In fact quite a crowd had gathered, stamping their feet on the snowy doorstep, including the owner of The Heavenly Host who hadn’t been paid for four months, a man in a dufflecoat with a drop on the end of his red nose and Marigold, swollen with indignation and a blue Puffa, who was accompanied by a disdainful camel-faced couple in Barbours.

‘Oh, Marigold,’ Lysander pulled her like a lifebelt into the cottage. ‘Is Kitty OK? Please put in a good word for me.’

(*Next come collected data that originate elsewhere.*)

(* Let $a<b$ be two $n$-bit integers. Then $\Pr[I(a,b,\vec e_{\mathsf a})]<\frac{8}{b-a}$.
   Context: Bits of $n$-bit integers are indexed $1$ (least significant) to $n$ (most significant). For an energy vector $\vec e=(e_1,\dots,e_n)$, an inexact comparison of $u,v$ reads each bit $j$ of $u$ and of $v$ independently, flipped with probability $2^{-e_j}$, and orders $u,v$ by the read values (the most significant bit at which the read values differ). $I(u,v,\vec e)$ is the event that this comparison gives the wrong order. $\vec e_{\mathsf a}=(1,2,\dots,n)$, i.e. bit $j$ gets energy $j$ and is flipped with probability $2^{-j}$. *)

From mathcomp Require Import all_boot all_order all_algebra.
Set Implicit Arguments. Unset Strict Implicit. Unset Printing Implicit Defensive.
Import Order.TTheory GRing.Theory Num.Theory.
Local Open Scope ring_scope.

(* Bit j (0-indexed, j < n) of the n-bit integer x; paper's bit index is j+1. *)
Definition bit (x j : nat) : bool := odd (x %/ 2 ^ j).

Definition read (n : nat) (x : nat) (f : {ffun 'I_n -> bool}) : nat :=
  (\sum_(j < n) (bit x j (+) f j) * 2 ^ j)%N.

Definition pat_prob (R : realFieldType) (n : nat) (p : 'I_n -> R)
    (f : {ffun 'I_n -> bool}) : R :=
  \prod_(j < n) (if f j then p j else 1 - p j).

(* Flip probability 2^{-e_j} for energy vector e (e j = energy of bit j+1). *)
Definition flipp (R : realFieldType) (n : nat) (e : 'I_n -> nat) (j : 'I_n) : R :=
  (2 ^+ e j)^-1.

(* Pr[I(u,v,e)] for u < v : probability that the inexact comparison puts
   u above v, i.e. read(u) > read(v) (ordering by the most significant
   differing bit of the read values = numeric order of the read values). *)
Definition PrI (R : realFieldType) (n : nat) (u v : nat) (e : 'I_n -> nat) : R :=
  \sum_(fu : {ffun 'I_n -> bool}) \sum_(fv : {ffun 'I_n -> bool})
     (if (read v fv < read u fu)%N then pat_prob (flipp R e) fu * pat_prob (flipp R e) fv else 0).

Definition e_a (n : nat) (j : 'I_n) : nat := (j + 1)%N.

From mathcomp Require Import all_boot all_order all_algebra.
From mathcomp Require Import zify ring.
Import Order.TTheory GRing.Theory Num.Theory.

Set Implicit Arguments.
Unset Strict Implicit.
Unset Printing Implicit Defensive.

(* Choose m with 2^(m+1) <= b - a < 2^(m+2).  A read that flips only bits
   of (0-based) index < m moves its value by less than 2^m, so if neither
   read flips a bit of index >= m the comparison is correct.  Under e_a bit j
   flips with probability 2^-(j+1), so by the union bound a read flips such a
   bit with probability < 2^-m, and the error probability is
   < 2^(1-m) = 8/2^(m+2) <= 8/(b-a). *)

Lemma sum_bits x k : (\sum_(j < k) bit x j * 2 ^ j)%N = x %% 2 ^ k.
Proof.
elim: k x => [|k IH] x; first by rewrite big_ord0 modn1.
rewrite big_ord_recl /bit divn1 muln1.
under eq_bigr => j _ do rewrite /bump /= expnS divnMA mulnCA.
rewrite -big_distrr /= IH expnS divn2 -[in RHS](odd_double_half x).
rewrite -modnDmr -mul2n -muln_modr [RHS]modn_small //.
have := ltn_mod x./2 (2 ^ k); rewrite expn_gt0 /=; case: (odd x); lia.
Qed.

Lemma sum_bits_small n x : (x < 2 ^ n)%N -> x = (\sum_(j < n) bit x j * 2 ^ j)%N.
Proof. by move=> xn; rewrite sum_bits modn_small. Qed.

Lemma sum_pow2_lt m : (\sum_(j < m) 2 ^ j < 2 ^ m)%N.
Proof. by have := predn_exp 2 m; rewrite mul1n => <-; rewrite ltn_predL expn_gt0. Qed.

Section ReadValues.
Variable n : nat.
Implicit Types (x : nat) (f : {ffun 'I_n -> bool}).

Definition flip_weight f := (\sum_(j < n) f j * 2 ^ j)%N.

Definition high_flip m f := [exists j : 'I_n, (m <= j)%N && f j].

Lemma read_le_add_weight x f : (x < 2 ^ n)%N -> (read x f <= x + flip_weight f)%N.
Proof.
move=> /sum_bits_small {2}->; rewrite /read /flip_weight -big_split /=.
by apply: leq_sum => j _; case: (bit x j); case: (f j);
  rewrite /= ?mul1n ?mul0n ?addn0 ?leq_addr.
Qed.

Lemma le_read_add_weight x f : (x < 2 ^ n)%N -> (x <= read x f + flip_weight f)%N.
Proof.
move=> /sum_bits_small {1}->; rewrite /read /flip_weight -big_split /=.
by apply: leq_sum => j _; case: (bit x j); case: (f j);
  rewrite /= ?mul1n ?mul0n ?addn0 ?leq_addr.
Qed.

Lemma flip_weight_lt m f : (m <= n)%N -> ~~ high_flip m f -> (flip_weight f < 2 ^ m)%N.
Proof.
move=> mn /existsPn f_low; apply: leq_ltn_trans (sum_pow2_lt m).
rewrite (big_ord_widen n (fun j => 2 ^ j)%N mn) big_mkcond /=.
apply: leq_sum => j _; have := f_low j.
by case: (ltnP j m); case: (f j); rewrite ?mul1n ?mul0n.
Qed.

Lemma read_lt_of_gap a b m fu fv : (b < 2 ^ n)%N -> (a + 2 ^ m.+1 <= b)%N ->
  ~~ high_flip m fu -> ~~ high_flip m fv -> (read a fu < read b fv)%N.
Proof.
move=> bn gap low_u low_v.
rewrite expnS in gap.
have an : (a < 2 ^ n)%N by lia.
have /ltnW mn : (m < n)%N by rewrite -(ltn_exp2l _ _ (ltnSn 1)); lia.
have := read_le_add_weight fu an; have := le_read_add_weight fv bn.
have := flip_weight_lt mn low_u; have := flip_weight_lt mn low_v.
lia.
Qed.

End ReadValues.

Local Open Scope ring_scope.

Section FlipPatterns.
Variables (R : realFieldType) (n : nat) (p : 'I_n -> R).
Hypothesis p_prob : forall j, 0 <= p j <= 1.
Local Notation P := (pat_prob p).

Definition prob (A : pred {ffun 'I_n -> bool}) : R := \sum_(f | A f) P f.

Lemma pat_prob_ge0 f : 0 <= P f.
Proof.
apply: prodr_ge0 => j _; have /andP[p_ge0 p_le1] := p_prob j.
by case: (f j); rewrite ?subr_ge0.
Qed.

Lemma sum_pat_prob : \sum_f P f = 1.
Proof.
rewrite -(bigA_distr_bigA (fun j (b : bool) => if b then p j else 1 - p j)) /=.
by apply: big1 => j _; rewrite big_bool /= addrC subrK.
Qed.

Lemma prob_flip j0 : prob (fun f => f j0) = p j0.
Proof.
pose Q j := if j == j0 then pred1 true else predT.
rewrite /prob (eq_bigl (fun f => f \in family Q)); last first.
  move=> f; apply/idP/familyP => [f_j0 j | /(_ j0)]; rewrite /Q.
    by case: eqP => [-> | _]; rewrite inE ?f_j0.
  by rewrite eqxx inE => /eqP.
rewrite -(bigA_distr_big_dep Q (fun j (b : bool) => if b then p j else 1 - p j)).
rewrite (bigD1 j0) //= [X in _ * X]big1 => [|j /negbTE j_neq].
  by rewrite mulr1 /Q eqxx big_pred1_eq.
by rewrite /Q j_neq big_bool /= addrC subrK.
Qed.

Lemma prob_high_flip_le m : prob (high_flip m) <= \sum_(j < n | (m <= j)%N) p j.
Proof.
pose flips_from (f : {ffun 'I_n -> bool}) :=
  \sum_(j < n | (m <= j)%N) (if f j then P f else 0).
apply: (@le_trans _ _ (\sum_f flips_from f)).
  rewrite /prob big_mkcond /=; apply: ler_sum => f _; rewrite /flips_from.
  have sum_ge0 : 0 <= flips_from f.
    by apply: sumr_ge0 => j _; case: ifP; rewrite ?pat_prob_ge0.
  rewrite /high_flip; case: existsP => [[j /andP[m_le_j f_j]] | _] //.
  rewrite (bigD1 j) //= f_j lerDl; apply: sumr_ge0 => i _.
  by case: ifP; rewrite ?pat_prob_ge0.
rewrite /flips_from exchange_big /=; apply: ler_sum => j _.
by have := prob_flip j; rewrite /prob big_mkcond => ->.
Qed.

Lemma sum_pair_le (A B : pred {ffun 'I_n -> bool}) (C : rel {ffun 'I_n -> bool}) :
  (forall fu fv, C fu fv -> A fu || B fv) ->
  \sum_fu \sum_fv (if C fu fv then P fu * P fv else 0) <= prob A + prob B.
Proof.
move=> CAB.
have sum_cond A' : \sum_f \sum_g (if A' f then P f * P g else 0) = prob A'.
  rewrite /prob [RHS]big_mkcond /=; apply: eq_bigr => f _.
  case: (A' f); last by rewrite big1.
  by rewrite -mulr_sumr sum_pat_prob mulr1.
apply: (@le_trans _ _ (\sum_fu \sum_fv
    ((if A fu then P fu * P fv else 0) + (if B fv then P fv * P fu else 0)))).
  apply: ler_sum => fu _; apply: ler_sum => fv _.
  have PP_ge0 : 0 <= P fu * P fv by rewrite mulr_ge0 ?pat_prob_ge0.
  rewrite [P fv * _]mulrC; have := CAB fu fv.
  case: (C fu fv) => [/(_ isT) | _]; last by rewrite addr_ge0 //; case: ifP.
  by case: (A fu); case: (B fv) => // _; rewrite ?addr0 ?add0r ?lerDl.
under eq_bigr do rewrite big_split /=.
by rewrite big_split /= sum_cond exchange_big /= sum_cond.
Qed.

End FlipPatterns.

Lemma flipp_prob (R : realFieldType) n (e : 'I_n -> nat) j : 0 <= flipp R e j <= 1.
Proof.
by rewrite /flipp invr_ge0 exprn_ge0 //= invf_le1 ?exprn_gt0 // exprn_ege1 // ler1n.
Qed.

Lemma PrI_le1 (R : realFieldType) n a b (e : 'I_n -> nat) : PrI R a b e <= 1.
Proof.
rewrite /PrI; apply: le_trans
  (sum_pair_le (flipp_prob R e) (A := predT) (B := pred0) _) _ => //.
by rewrite /prob big_pred0_eq addr0 sum_pat_prob.
Qed.

Lemma PrI_le_high_flips (R : realFieldType) n a b m (e : 'I_n -> nat) :
  (b < 2 ^ n)%N -> (a + 2 ^ m.+1 <= b)%N ->
  PrI R a b e <= 2 * \sum_(j < n | (m <= j)%N) flipp R e j.
Proof.
move=> bn gap.
rewrite /PrI; apply: le_trans
  (sum_pair_le (flipp_prob R e) (A := high_flip m) (B := high_flip m) _) _.
  move=> fu fv; apply: contraLR; rewrite negb_or -leqNgt => /andP[low_u low_v].
  exact: ltnW (read_lt_of_gap bn gap low_u low_v).
have high_le := prob_high_flip_le (flipp_prob R e) m.
by rewrite mulrDl mul1r lerD.
Qed.

Lemma sum_inv_pow2_from (R : realFieldType) m n :
  \sum_(j < n | (m <= j)%N) (2 ^+ (j + 1))^-1 + (2 ^+ maxn m n)^-1 = (2 ^+ m)^-1 :> R.
Proof.
elim: n => [|n IH]; first by rewrite big_ord0 add0r maxn0.
rewrite big_mkcond big_ord_recr /= -big_mkcond /=.
case: (leqP m n) => [m_le_n | n_lt_m].
  rewrite -addrA -IH (maxn_idPr m_le_n) (maxn_idPr (leqW m_le_n)) addn1.
  congr (_ + _).
  have pow2_neq0 : (2 : R) ^+ n != 0 by rewrite expf_neq0 ?pnatr_eq0.
  by rewrite exprS invfM; field.
by rewrite addr0 -IH (maxn_idPl (ltnW n_lt_m)) (maxn_idPl n_lt_m).
Qed.

Lemma sum_flipp_e_a_lt (R : realFieldType) m n :
  \sum_(j < n | (m <= j)%N) flipp R (@e_a n) j < (2 ^+ m)^-1.
Proof. by rewrite -(sum_inv_pow2_from R m n) ltrDl invr_gt0 exprn_gt0. Qed.

Lemma exists_pow2_bracket d : (1 < d)%N -> exists m, (2 ^ m.+1 <= d < 2 ^ m.+2)%N.
Proof.
move=> d_gt1; exists (trunc_log 2 d).-1.
by rewrite prednK ?trunc_log_gt0 ?d_gt1 //; apply: trunc_log_bounds; lia.
Qed.

Theorem lemma3 (R : realFieldType) (n a b : nat) :
  (a < b)%N -> (b < 2 ^ n)%N ->
  PrI R a b (@e_a n) < 8 / (b - a)%:R.
Proof.
move=> ab bn; have [d_le1 | d_gt1] := leqP (b - a) 1.
  have -> : (b - a)%N = 1%N by lia.
  by rewrite divr1; apply: le_lt_trans (PrI_le1 _ _ _ _) _; rewrite ltr1n.
have [m /andP[d_ge d_lt]] := exists_pow2_bracket d_gt1.
have gap : (a + 2 ^ m.+1 <= b)%N by lia.
apply: le_lt_trans (PrI_le_high_flips R (@e_a n) bn gap) _.
apply: (@lt_le_trans _ _ (2 * (2 ^+ m)^-1)); first by rewrite ltr_pM2l // sum_flipp_e_a_lt.
have -> : 2 * (2 ^+ m)^-1 = 8 / (2 ^ m.+2)%:R :> R.
  have pow2_neq0 : (2 : R) ^+ m != 0 by rewrite expf_neq0 ?pnatr_eq0.
  by rewrite natrX !exprS; field.
by rewrite ler_pM2l // lef_pV2 ?posrE ?ltr0n ?expn_gt0 ?subn_gt0 // ler_nat ltnW.
Qed.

‘You keep away from Kitty,’ whispered Marigold furiously. ‘You’ll only upset her and Ay don’t think this is funny.’ She thrust a large sign saying BOTTLE BANK, which Ferdie had put in the porch, into his hand. ‘Ay left a note sayin’ Ay was bringing Gwendolyn Chisleden’s nephew and his fiancée to see over the cottage. They’re getting married in April. You mayte have shaved and got dressed.’

Then she gave a gasp of horror as she took in the chaos behind him: overflowing ashtrays, glasses on every table, a floor littered with clothes, chewsticks and newspapers turned to the racing pages and washing-up rising out of the sink and along the window-sill to meet an army of mouldy green milk bottles.